EXERCISE REQUIREMENTS:
Among the lines below, take the one holding "the error-propagation term", the one holding "Lemma ln_ge_1_eventually : at_infinity", and all lines between them. Set them down exactly.

━━━━━━━━━━━━━━━━━━━━

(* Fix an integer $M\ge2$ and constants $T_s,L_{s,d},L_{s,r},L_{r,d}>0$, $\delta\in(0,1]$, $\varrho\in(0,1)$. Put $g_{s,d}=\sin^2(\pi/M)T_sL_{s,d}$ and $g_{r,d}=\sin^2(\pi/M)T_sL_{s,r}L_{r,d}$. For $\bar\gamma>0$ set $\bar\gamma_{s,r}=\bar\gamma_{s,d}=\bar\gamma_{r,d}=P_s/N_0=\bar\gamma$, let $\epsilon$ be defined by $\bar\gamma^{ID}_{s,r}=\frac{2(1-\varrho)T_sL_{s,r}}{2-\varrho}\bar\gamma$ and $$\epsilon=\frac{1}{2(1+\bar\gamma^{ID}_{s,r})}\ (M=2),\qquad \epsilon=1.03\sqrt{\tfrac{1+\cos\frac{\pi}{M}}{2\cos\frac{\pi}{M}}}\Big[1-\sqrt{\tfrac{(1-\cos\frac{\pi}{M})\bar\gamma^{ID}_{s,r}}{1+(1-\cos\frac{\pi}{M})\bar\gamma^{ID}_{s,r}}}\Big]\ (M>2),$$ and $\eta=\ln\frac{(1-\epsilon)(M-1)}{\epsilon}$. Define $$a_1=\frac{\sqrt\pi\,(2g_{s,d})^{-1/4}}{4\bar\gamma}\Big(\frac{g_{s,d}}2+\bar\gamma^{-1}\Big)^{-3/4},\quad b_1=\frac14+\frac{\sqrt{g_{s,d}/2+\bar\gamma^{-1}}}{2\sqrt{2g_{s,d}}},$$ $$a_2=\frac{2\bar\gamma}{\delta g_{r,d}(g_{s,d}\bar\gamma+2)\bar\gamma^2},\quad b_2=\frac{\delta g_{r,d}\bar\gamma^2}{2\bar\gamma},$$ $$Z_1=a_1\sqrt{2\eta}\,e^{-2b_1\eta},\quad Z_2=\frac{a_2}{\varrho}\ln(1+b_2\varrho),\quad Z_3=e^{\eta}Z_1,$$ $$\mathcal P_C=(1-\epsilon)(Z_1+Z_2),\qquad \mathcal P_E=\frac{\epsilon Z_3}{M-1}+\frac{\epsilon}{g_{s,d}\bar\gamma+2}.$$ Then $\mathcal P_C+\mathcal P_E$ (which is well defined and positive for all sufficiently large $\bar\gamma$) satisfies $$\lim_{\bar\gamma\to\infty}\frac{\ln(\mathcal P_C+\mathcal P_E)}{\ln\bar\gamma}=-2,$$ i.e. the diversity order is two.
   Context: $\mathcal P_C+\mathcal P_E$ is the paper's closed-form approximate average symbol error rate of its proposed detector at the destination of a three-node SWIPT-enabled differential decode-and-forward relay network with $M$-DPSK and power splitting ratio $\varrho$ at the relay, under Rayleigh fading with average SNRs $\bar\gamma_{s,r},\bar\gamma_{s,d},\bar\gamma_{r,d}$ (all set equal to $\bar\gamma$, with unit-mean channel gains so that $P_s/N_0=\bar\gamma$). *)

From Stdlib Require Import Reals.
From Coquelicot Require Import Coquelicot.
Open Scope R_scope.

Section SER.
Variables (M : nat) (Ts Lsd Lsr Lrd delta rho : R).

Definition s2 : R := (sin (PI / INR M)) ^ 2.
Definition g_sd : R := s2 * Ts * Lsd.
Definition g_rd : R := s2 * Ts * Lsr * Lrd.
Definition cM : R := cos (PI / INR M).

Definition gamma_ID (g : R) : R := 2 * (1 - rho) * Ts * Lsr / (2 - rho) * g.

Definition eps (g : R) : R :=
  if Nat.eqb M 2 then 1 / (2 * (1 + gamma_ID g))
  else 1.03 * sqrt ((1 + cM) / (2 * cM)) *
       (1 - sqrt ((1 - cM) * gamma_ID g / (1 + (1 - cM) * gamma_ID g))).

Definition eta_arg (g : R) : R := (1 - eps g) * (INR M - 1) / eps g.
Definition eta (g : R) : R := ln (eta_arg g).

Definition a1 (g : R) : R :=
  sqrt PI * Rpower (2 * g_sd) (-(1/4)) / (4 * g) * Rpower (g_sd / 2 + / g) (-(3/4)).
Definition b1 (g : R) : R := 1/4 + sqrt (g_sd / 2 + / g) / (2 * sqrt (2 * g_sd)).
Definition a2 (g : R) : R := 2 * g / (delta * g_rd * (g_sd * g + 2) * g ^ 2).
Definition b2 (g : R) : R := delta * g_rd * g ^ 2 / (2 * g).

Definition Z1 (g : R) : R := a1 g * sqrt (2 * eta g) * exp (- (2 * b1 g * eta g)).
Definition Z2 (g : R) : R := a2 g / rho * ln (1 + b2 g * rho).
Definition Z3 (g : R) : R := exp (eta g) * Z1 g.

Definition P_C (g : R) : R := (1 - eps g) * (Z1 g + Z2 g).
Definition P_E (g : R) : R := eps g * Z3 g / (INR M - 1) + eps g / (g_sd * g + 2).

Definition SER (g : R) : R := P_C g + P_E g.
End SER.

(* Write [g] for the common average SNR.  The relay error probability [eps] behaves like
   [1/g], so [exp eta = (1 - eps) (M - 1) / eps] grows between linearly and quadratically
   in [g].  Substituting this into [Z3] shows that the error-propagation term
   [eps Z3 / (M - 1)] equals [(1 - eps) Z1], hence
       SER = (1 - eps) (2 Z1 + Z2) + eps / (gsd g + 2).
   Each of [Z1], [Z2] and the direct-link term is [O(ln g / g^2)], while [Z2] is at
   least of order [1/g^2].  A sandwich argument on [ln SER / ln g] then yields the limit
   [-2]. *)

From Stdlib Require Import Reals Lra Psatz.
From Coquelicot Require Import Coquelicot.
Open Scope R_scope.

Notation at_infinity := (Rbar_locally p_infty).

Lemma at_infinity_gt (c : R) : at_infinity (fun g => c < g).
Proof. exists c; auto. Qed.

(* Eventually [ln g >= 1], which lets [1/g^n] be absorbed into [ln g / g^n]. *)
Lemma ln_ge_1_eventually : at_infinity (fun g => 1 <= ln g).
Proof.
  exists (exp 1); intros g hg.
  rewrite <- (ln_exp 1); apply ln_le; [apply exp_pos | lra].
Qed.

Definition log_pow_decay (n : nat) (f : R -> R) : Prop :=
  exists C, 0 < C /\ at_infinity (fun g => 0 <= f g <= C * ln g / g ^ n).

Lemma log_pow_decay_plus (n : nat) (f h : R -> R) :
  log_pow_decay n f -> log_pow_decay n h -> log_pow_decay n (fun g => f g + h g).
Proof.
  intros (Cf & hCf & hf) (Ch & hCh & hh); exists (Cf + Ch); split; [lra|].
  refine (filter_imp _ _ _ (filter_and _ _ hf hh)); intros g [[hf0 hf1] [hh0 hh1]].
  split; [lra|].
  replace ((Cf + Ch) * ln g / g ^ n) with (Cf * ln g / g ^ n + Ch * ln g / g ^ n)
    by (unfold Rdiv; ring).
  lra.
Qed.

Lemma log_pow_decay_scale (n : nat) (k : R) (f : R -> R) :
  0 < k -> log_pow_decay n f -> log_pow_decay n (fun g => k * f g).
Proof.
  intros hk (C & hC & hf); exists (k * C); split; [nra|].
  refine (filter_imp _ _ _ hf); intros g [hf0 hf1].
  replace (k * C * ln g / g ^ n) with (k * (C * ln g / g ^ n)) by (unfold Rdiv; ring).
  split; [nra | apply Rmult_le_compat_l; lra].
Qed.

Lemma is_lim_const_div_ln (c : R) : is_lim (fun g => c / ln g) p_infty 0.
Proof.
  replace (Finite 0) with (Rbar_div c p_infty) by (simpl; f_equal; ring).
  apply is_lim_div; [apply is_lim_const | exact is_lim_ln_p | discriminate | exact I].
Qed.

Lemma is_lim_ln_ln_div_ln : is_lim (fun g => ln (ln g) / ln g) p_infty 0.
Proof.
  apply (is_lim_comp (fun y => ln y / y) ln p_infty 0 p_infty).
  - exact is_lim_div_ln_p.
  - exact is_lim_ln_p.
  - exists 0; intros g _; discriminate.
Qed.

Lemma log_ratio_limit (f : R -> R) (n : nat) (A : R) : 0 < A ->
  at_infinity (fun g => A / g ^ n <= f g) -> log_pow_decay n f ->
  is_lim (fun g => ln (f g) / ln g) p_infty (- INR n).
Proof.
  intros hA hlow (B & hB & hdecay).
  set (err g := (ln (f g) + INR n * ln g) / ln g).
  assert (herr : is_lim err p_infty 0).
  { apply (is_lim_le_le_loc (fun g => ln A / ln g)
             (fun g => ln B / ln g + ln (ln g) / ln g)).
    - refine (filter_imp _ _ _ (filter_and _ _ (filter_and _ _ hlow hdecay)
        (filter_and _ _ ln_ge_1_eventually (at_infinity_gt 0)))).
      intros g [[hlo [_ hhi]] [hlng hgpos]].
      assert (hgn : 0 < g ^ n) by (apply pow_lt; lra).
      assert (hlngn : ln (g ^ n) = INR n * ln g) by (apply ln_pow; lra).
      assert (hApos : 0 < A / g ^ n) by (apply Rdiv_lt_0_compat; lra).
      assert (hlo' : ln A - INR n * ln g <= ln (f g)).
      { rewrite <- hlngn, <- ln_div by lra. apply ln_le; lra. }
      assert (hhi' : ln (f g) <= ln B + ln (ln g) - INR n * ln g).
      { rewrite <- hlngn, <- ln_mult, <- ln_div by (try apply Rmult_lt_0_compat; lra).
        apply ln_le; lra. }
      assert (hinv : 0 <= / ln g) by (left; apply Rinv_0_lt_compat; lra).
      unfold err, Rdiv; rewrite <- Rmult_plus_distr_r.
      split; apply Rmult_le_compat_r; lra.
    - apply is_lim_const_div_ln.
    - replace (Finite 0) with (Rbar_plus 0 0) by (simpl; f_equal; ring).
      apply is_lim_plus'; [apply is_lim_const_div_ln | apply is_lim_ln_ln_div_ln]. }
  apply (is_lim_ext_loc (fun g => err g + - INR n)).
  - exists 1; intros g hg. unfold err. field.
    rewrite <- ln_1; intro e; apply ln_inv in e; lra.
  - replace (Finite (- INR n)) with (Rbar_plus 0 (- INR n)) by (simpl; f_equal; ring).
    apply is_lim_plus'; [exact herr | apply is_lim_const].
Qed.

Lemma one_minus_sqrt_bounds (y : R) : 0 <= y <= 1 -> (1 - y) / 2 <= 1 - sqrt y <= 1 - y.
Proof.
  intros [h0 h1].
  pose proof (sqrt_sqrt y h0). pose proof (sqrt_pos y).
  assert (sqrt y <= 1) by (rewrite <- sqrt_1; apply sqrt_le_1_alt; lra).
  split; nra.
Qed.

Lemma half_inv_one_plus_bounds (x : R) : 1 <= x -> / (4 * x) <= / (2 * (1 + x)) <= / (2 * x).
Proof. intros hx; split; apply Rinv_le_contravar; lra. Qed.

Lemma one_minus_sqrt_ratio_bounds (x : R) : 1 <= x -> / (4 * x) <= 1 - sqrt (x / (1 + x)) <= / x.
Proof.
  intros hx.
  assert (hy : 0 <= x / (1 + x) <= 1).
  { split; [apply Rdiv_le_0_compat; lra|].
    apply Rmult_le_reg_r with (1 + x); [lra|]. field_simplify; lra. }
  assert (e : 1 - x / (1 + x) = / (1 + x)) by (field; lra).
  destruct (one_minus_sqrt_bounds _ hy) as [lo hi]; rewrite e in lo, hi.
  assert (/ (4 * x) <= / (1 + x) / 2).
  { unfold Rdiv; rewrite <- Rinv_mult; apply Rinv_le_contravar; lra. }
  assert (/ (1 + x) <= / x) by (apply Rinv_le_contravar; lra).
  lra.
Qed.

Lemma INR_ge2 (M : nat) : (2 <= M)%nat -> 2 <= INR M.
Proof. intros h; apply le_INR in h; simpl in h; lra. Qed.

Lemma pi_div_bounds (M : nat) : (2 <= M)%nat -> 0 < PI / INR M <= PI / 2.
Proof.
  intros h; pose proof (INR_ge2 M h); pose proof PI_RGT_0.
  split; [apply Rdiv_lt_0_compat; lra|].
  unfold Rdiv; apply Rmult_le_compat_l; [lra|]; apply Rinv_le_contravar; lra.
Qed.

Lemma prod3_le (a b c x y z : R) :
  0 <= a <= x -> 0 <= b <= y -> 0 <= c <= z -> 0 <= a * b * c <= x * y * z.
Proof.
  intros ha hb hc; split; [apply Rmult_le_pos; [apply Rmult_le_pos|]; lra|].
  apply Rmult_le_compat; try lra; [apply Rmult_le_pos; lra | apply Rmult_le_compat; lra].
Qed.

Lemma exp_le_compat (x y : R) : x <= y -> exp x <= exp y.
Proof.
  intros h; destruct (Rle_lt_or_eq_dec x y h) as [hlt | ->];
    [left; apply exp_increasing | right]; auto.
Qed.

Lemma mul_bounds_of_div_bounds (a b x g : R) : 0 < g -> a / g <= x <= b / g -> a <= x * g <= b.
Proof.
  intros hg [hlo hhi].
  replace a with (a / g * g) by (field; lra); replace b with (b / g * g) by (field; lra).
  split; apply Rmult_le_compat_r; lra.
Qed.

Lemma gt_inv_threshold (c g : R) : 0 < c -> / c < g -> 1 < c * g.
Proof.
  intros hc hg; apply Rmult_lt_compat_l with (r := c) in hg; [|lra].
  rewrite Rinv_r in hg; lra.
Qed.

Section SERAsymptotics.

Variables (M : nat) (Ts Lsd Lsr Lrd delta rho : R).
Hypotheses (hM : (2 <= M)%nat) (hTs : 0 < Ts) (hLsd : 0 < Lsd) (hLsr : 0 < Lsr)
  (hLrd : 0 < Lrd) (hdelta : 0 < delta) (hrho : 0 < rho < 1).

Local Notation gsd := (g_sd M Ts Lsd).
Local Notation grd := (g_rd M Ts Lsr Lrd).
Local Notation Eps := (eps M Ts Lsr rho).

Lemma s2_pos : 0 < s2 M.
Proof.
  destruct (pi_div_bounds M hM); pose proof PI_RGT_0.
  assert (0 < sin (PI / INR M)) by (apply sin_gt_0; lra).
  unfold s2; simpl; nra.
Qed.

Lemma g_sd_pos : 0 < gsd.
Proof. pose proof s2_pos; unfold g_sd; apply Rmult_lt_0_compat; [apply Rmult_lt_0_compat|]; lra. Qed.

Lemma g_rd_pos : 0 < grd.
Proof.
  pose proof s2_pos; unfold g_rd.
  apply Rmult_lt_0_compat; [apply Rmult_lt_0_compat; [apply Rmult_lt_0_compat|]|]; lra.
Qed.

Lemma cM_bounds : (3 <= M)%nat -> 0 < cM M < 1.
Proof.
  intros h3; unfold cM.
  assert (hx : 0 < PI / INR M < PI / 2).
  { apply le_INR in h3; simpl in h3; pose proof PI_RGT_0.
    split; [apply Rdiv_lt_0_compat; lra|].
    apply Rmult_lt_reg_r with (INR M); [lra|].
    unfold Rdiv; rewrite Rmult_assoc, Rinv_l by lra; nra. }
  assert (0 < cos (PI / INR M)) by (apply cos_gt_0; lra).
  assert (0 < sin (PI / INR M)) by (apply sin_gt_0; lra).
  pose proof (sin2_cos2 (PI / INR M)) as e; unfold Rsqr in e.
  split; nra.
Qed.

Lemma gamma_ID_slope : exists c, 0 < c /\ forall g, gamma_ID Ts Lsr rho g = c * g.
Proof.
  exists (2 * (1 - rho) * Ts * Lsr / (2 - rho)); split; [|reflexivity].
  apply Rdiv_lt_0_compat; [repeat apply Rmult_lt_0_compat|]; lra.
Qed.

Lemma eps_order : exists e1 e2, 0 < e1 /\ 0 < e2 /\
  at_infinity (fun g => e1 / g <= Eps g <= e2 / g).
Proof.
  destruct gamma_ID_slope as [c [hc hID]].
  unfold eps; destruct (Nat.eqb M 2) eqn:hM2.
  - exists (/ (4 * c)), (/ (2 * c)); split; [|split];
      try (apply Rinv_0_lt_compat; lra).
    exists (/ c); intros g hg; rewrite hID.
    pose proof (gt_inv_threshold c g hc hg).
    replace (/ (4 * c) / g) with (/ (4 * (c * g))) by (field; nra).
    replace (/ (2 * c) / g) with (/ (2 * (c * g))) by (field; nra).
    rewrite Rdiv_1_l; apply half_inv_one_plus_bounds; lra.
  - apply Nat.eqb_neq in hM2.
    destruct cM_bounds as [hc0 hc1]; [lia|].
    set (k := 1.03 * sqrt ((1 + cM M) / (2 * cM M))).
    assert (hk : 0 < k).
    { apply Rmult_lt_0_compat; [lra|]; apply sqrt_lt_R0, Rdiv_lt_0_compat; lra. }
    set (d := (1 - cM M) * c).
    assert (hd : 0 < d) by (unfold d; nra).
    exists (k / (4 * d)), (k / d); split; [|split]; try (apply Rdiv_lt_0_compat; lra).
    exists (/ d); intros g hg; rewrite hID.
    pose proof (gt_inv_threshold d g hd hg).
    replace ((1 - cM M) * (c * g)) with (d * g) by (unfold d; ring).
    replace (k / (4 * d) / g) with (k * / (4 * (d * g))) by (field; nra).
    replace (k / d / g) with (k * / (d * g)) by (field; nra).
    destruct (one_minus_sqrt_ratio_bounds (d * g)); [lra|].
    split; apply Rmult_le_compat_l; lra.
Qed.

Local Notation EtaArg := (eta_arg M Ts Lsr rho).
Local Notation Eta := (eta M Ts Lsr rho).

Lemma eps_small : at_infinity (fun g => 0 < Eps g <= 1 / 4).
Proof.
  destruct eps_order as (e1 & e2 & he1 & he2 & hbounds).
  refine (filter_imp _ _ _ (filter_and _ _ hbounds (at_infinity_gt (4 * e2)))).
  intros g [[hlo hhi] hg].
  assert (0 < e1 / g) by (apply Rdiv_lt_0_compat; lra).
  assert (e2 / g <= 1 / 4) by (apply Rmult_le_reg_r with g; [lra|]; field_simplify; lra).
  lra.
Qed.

━━━━━━━━━━━━━━━━━━━━

EXERCISE RESULT:
   in [g].  Substituting this into [Z3] shows that the error-propagation term
   [eps Z3 / (M - 1)] equals [(1 - eps) Z1], hence
       SER = (1 - eps) (2 Z1 + Z2) + eps / (gsd g + 2).
   Each of [Z1], [Z2] and the direct-link term is [O(ln g / g^2)], while [Z2] is at
   least of order [1/g^2].  A sandwich argument on [ln SER / ln g] then yields the limit
   [-2]. *)

From Stdlib Require Import Reals Lra Psatz.
From Coquelicot Require Import Coquelicot.
Open Scope R_scope.

Notation at_infinity := (Rbar_locally p_infty).

Lemma at_infinity_gt (c : R) : at_infinity (fun g => c < g).
Proof. exists c; auto. Qed.

(* Eventually [ln g >= 1], which lets [1/g^n] be absorbed into [ln g / g^n]. *)
Lemma ln_ge_1_eventually : at_infinity (fun g => 1 <= ln g).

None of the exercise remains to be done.